**THE INPUT**.
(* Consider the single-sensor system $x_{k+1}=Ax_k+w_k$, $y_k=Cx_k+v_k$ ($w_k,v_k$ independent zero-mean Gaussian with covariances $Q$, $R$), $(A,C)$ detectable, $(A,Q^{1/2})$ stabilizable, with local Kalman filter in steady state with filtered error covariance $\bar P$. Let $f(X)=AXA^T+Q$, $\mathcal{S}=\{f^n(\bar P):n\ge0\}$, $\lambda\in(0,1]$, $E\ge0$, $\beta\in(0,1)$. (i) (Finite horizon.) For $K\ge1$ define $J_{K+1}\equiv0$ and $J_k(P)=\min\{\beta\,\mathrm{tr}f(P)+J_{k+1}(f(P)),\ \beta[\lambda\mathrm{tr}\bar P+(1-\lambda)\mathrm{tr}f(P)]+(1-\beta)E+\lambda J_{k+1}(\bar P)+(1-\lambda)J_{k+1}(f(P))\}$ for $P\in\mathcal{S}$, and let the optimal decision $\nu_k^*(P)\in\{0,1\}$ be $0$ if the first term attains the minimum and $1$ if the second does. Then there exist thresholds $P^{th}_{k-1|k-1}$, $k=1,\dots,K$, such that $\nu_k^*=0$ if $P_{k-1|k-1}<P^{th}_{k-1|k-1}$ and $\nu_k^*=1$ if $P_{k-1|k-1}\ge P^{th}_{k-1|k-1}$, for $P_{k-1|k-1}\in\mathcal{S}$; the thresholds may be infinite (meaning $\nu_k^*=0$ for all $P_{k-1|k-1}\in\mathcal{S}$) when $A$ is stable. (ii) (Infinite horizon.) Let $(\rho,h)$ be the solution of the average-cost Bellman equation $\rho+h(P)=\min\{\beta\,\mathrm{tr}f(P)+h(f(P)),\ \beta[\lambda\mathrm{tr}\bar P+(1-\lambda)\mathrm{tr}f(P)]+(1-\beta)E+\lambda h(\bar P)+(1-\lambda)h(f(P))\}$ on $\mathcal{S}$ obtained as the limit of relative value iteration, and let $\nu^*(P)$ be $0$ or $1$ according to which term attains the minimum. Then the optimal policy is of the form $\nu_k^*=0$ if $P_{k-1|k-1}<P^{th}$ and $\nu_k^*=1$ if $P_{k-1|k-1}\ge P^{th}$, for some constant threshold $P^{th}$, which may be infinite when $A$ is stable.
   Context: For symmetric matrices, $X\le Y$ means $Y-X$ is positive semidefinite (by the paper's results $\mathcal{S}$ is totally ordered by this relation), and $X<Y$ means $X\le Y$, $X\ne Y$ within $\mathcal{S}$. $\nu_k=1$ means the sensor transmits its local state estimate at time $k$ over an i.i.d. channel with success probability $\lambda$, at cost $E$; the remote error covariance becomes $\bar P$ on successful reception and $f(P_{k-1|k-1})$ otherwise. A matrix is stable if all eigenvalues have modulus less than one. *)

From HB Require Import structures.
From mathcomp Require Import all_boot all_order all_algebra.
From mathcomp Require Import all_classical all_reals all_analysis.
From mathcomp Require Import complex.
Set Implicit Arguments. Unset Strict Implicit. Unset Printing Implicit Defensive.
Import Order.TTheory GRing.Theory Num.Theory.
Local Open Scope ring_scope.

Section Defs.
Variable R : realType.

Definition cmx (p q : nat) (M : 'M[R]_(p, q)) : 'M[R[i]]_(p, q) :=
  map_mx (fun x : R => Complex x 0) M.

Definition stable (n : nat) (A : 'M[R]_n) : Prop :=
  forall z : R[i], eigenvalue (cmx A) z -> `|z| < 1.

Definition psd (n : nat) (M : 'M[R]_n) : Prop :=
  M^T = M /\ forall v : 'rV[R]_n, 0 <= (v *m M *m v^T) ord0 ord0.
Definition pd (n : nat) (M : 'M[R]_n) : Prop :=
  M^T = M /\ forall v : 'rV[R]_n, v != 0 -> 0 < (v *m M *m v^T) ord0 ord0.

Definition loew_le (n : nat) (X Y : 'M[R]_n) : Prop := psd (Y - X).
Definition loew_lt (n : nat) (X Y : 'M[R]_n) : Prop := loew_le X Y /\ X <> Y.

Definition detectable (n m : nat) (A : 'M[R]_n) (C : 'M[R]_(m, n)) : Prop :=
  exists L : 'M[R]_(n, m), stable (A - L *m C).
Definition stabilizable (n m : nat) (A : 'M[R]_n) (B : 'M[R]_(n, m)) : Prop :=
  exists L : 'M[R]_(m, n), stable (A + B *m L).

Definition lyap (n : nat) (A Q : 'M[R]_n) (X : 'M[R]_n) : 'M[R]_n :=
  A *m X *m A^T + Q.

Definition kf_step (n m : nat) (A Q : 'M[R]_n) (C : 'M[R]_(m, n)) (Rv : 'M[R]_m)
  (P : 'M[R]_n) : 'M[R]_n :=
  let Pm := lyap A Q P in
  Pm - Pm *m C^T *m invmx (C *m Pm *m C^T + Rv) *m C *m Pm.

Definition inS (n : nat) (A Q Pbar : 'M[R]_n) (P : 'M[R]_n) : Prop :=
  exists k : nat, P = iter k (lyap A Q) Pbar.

**EXERCISE DESCRIPTION**. Reproduce, word for word and in full, only the lines above that start at the line with "Definition loew_lt (n" and run through the line with "exists L : 'M[R]_(m, n), stable", both ends included.

**OUTPUT BELOW**.
Definition loew_lt (n : nat) (X Y : 'M[R]_n) : Prop := loew_le X Y /\ X <> Y.

Definition detectable (n m : nat) (A : 'M[R]_n) (C : 'M[R]_(m, n)) : Prop :=
  exists L : 'M[R]_(n, m), stable (A - L *m C).
Definition stabilizable (n m : nat) (A : 'M[R]_n) (B : 'M[R]_(n, m)) : Prop :=
  exists L : 'M[R]_(m, n), stable (A + B *m L).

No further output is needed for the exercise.